The differences cited are all between groups that are relatively similar culturally. One can expect that the cultural differences between Australian aboriginals and the descendants of Australian immigrants, or between indigenous tribes of South America and the westernized descendants of immigrants to carry still greater differences in the credibility assigned to different sources of information or processes of drawing conclusions from evidence.
Indeed, I am not sure that the concept of "credibility" is not itself a cultural construct that is not shared among cultures. I suspect human nature is such that all normal adults realize that some things are true and others not, that sometimes people tell the truth and sometimes they don't. Thus all cultures I suspect have means for distinguishing that which is more likely to be true than that which is less likely to be true. But Western culture has a tradition of philosophers debating epistemology that is not shared. Is the cultural view of Talmudic scholars of credibility the same as that of Christian theologians or the Islamic scholars who study the Hadiths?
So how does society resolve conflicting interests between groups that differ in culture? There are examples of successes. When science and the church clashed on the question of whether the sun or the earth was the center of the solar system, the church eventually came to the position that it had perhaps misinterpreted biblical sources. That is, it came to the conclusion that when its analysis came up with conclusions that differed from observable fact, since it would not question the original evidence, the analytic interpretation of that evidence must be suspect.
The discussion above has been adduced to suggest, however, that often neither negotiation nor arbitration will be successful. In such circumstances, the dominant culture tends to impose its institutions for conflict resolution on the problem -- it is settled in the courts or the legislature. Both have been relatively successful in preventing the escalation of conflict to violence. Both prove useful from the viewpoint of the powerful (or merely influential) of often favoring their views.
However, I think neither the courts' nor the legislatures' procedures for arriving at truth are very effective (as compared with for example science or humanities). Nor are these institutions especially good at promoting negotiations nor arbitration between differing cultures. Indeed, both tend to more fully understand the culture of the power elite than of ethnic minorities;
I note with interest that in Australia, disputes between the majority and the aboriginal groups can be referred to task forces. Sometimes anthropologists are employed because they are supposed to be especially skilled in understanding the cultural bases of each side's arguments.
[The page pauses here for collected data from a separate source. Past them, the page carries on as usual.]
Lemma mul_big_runs_after_true n a p :
  n * \sum_(s <- arr_enum n a) runs_after true p s = 'C(n, a) * (a * (n - a + ~~ p)).
Proof.
case: n => [|n]; first by case: a => [|a]; rewrite !(mul0n, muln0).
case: a => [|a]; first by rewrite big_runs_after_true0 !(muln0, mul0n).
by rewrite big_runs_after_true mulnA (mul_bin_diag n.+1) subSS -mulnA mulnCA.
Qed.

Lemma big_succ (T : Type) (r : seq T) (f : T -> nat) :
  \sum_(t <- r) (f t).+1 = size r + \sum_(t <- r) f t.
Proof. by rewrite -sum1_size -big_split. Qed.

Local Open Scope ring_scope.

Lemma mean_shift {c s k q : nat} : (k * s = c * q)%N -> (0 < c)%N -> (0 < k)%N ->
  (c + s)%:R / c%:R = 1 + q%:R / k%:R :> rat.
Proof.
move=> /(congr1 (fun m => m%:R : rat)); rewrite !natrM natrD => ks c_gt0 k_gt0.
have kP : k%:R != 0 :> rat by rewrite pnatr_eq0 -lt0n.
have cP : c%:R != 0 :> rat by rewrite pnatr_eq0 -lt0n.
have -> : s%:R = c%:R * (q%:R / k%:R) :> rat by rewrite mulrA -ks [k%:R * _]mulrC mulfK.
by rewrite mulrDl divff // mulrC mulKf.
Qed.

Lemma natr_pred1 (R : pzRingType) n : n.+1%:R - 1 = n%:R :> R.
Proof. by rewrite -natr1 addrK. Qed.

Lemma natr_pred2 (R : pzRingType) n : n.+2%:R - 2 = n%:R :> R.
Proof. by rewrite -[n.+2]addn2 natrD addrK. Qed.

Lemma cond_exp_R2_lt_R1 n1 n2 : (1 <= n1)%N -> (1 <= n2)%N ->
  (0 < event_count n1 n2 (fun s => (R1 s > R2 s)%N))%N ->
  cond_exp n1 n2 RM (fun s => (R1 s > R2 s)%N)
  = 2 + ((n1%:R - 2) * (n2%:R - 1)) / ((n1 + n2)%:R - 2).
Proof.
case: n1 => [|[|a]] // _; case: n2 => [|b] // _;
  rewrite event_count_arr_enum cond_exp_arr_enum !addSn addnS big_R2_lt_R1 // => _.
rewrite !natr_pred2 natr_pred1 big_R2_lt_R1 sum1_size size_arr_enum.
rewrite (eq_bigr _ (fun m _ => RM_ends true m true)) big_succ size_arr_enum.
rewrite (mean_shift (mul_big_runs_after_false _ _ _)) //; last by rewrite bin_gt0; lia.
have -> : (((a + b).+1 - a) * (a + true) = (a + b).+1 + a * b)%N by lia.
by rewrite natrD mulrDl divff ?pnatr_eq0 // addrA natrM.
Qed.

Lemma cond_exp_R1_lt_R2 n1 n2 : (1 <= n1)%N -> (1 <= n2)%N ->
  (0 < event_count n1 n2 (fun s => (R1 s < R2 s)%N))%N ->
  cond_exp n1 n2 RM (fun s => (R1 s < R2 s)%N)
  = 2 + ((n1%:R - 1) * (n2%:R - 2)) / ((n1 + n2)%:R - 2).
Proof.
case: n1 => [|a] // _; case: n2 => [|[|b]] // _;
  rewrite event_count_arr_enum cond_exp_arr_enum !addSn ?addn1 ?addnS big_R1_lt_R2.
  by rewrite sum1_size size_arr_enum bin_small.
rewrite !natr_pred2 natr_pred1 big_R1_lt_R2 sum1_size size_arr_enum => _.
rewrite (eq_bigr _ (fun m _ => RM_ends false m false)) big_succ size_arr_enum.
rewrite (mean_shift (mul_big_runs_after_true _ _ _)) //; last by rewrite bin_gt0; lia.
have -> : (a.+1 * ((a + b).+1 - a.+1 + ~~ false) = (a + b).+1 + a * b)%N by lia.
by rewrite natrD mulrDl divff ?pnatr_eq0 // addrA natrM.
Qed.

Lemma cond_exp_R1_eq_R2 n1 n2 : (1 <= n1)%N -> (1 <= n2)%N ->
  (0 < event_count n1 n2 (fun s => R1 s == R2 s))%N ->
  cond_exp n1 n2 RM (fun s => R1 s == R2 s)
  = 1 + ((n1%:R - 1) * (n2%:R - 1)) / ((n1 + n2)%:R - 2).
Proof.
case: n1 => [|a] // _; case: n2 => [|b] // _ _.
rewrite cond_exp_arr_enum !addSn addnS !natr_pred1 natr_pred2.
rewrite !big_R1_eq_R2 !sum1_size !size_arr_enum.
rewrite (eq_bigr _ (fun m _ => RM_ends true m false)).
rewrite (eq_bigr _ (fun m _ => RM_ends false m true)) /= !big_succ size_arr_enum addnACA.
have [/eqP|k_gt0] := posnP (a + b).
  rewrite addn_eq0 => /andP [/eqP -> /eqP ->].
  by rewrite /arr_enum !big_seq1 mul0r addr0 divff.
have ks : ((a + b) * (\sum_(t <- arr_enum (a + b) a) runs_after true true t +
                     \sum_(t <- arr_enum (a + b) a) runs_after false false t)
          = ('C(a + b, a) + 'C(a + b, a)) * (a * b))%N.
  rewrite mulnDr mul_big_runs_after_true mul_big_runs_after_false.
  have -> : (a + b - a = b)%N by lia.
  nia.
by rewrite (mean_shift ks) ?natrM // addn_gt0 bin_gt0 leq_addr.
Qed.

Theorem lemma2 (n1 n2 : nat) (h1 : (1 <= n1)%N) (h2 : (1 <= n2)%N) :
  ((0 < event_count n1 n2 (fun s => (R1 s > R2 s)%N))%N ->
     cond_exp n1 n2 RM (fun s => (R1 s > R2 s)%N)
     = 2 + ((n1%:R - 2) * (n2%:R - 1)) / ((n1 + n2)%:R - 2) :> rat)
  /\
  ((0 < event_count n1 n2 (fun s => (R1 s < R2 s)%N))%N ->
     cond_exp n1 n2 RM (fun s => (R1 s < R2 s)%N)
     = 2 + ((n1%:R - 1) * (n2%:R - 2)) / ((n1 + n2)%:R - 2) :> rat)
  /\
  ((0 < event_count n1 n2 (fun s => (R1 s == R2 s)%N))%N ->
     cond_exp n1 n2 RM (fun s => (R1 s == R2 s)%N)
     = 1 + ((n1%:R - 1) * (n2%:R - 1)) / ((n1 + n2)%:R - 2) :> rat).
Proof.
split; last split.
- exact: cond_exp_R2_lt_R1.
- exact: cond_exp_R1_lt_R2.
- exact: cond_exp_R1_eq_R2.
Qed.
Indeed, sometime each competing interest group hires its own anthropologist, and one can find debates among social science advocates of the different positions.
I wonder, however, if it would not be best to institutionalize a process for the argument of fact and epistemology in such cases, rather than simply a process "respecting" the cultural beliefs of each cultural group. Such a process would inherently recognize that cultures change, but would seek change in ways the improved the epistemological processes accepted by the culture. Most likely, institutionalization of such processes would involve some imposition by the more powerful over the less powerful culture. Still, if done in a generic way rather than in the heat of dispute over specific conflicts, such institutions might be negotiated.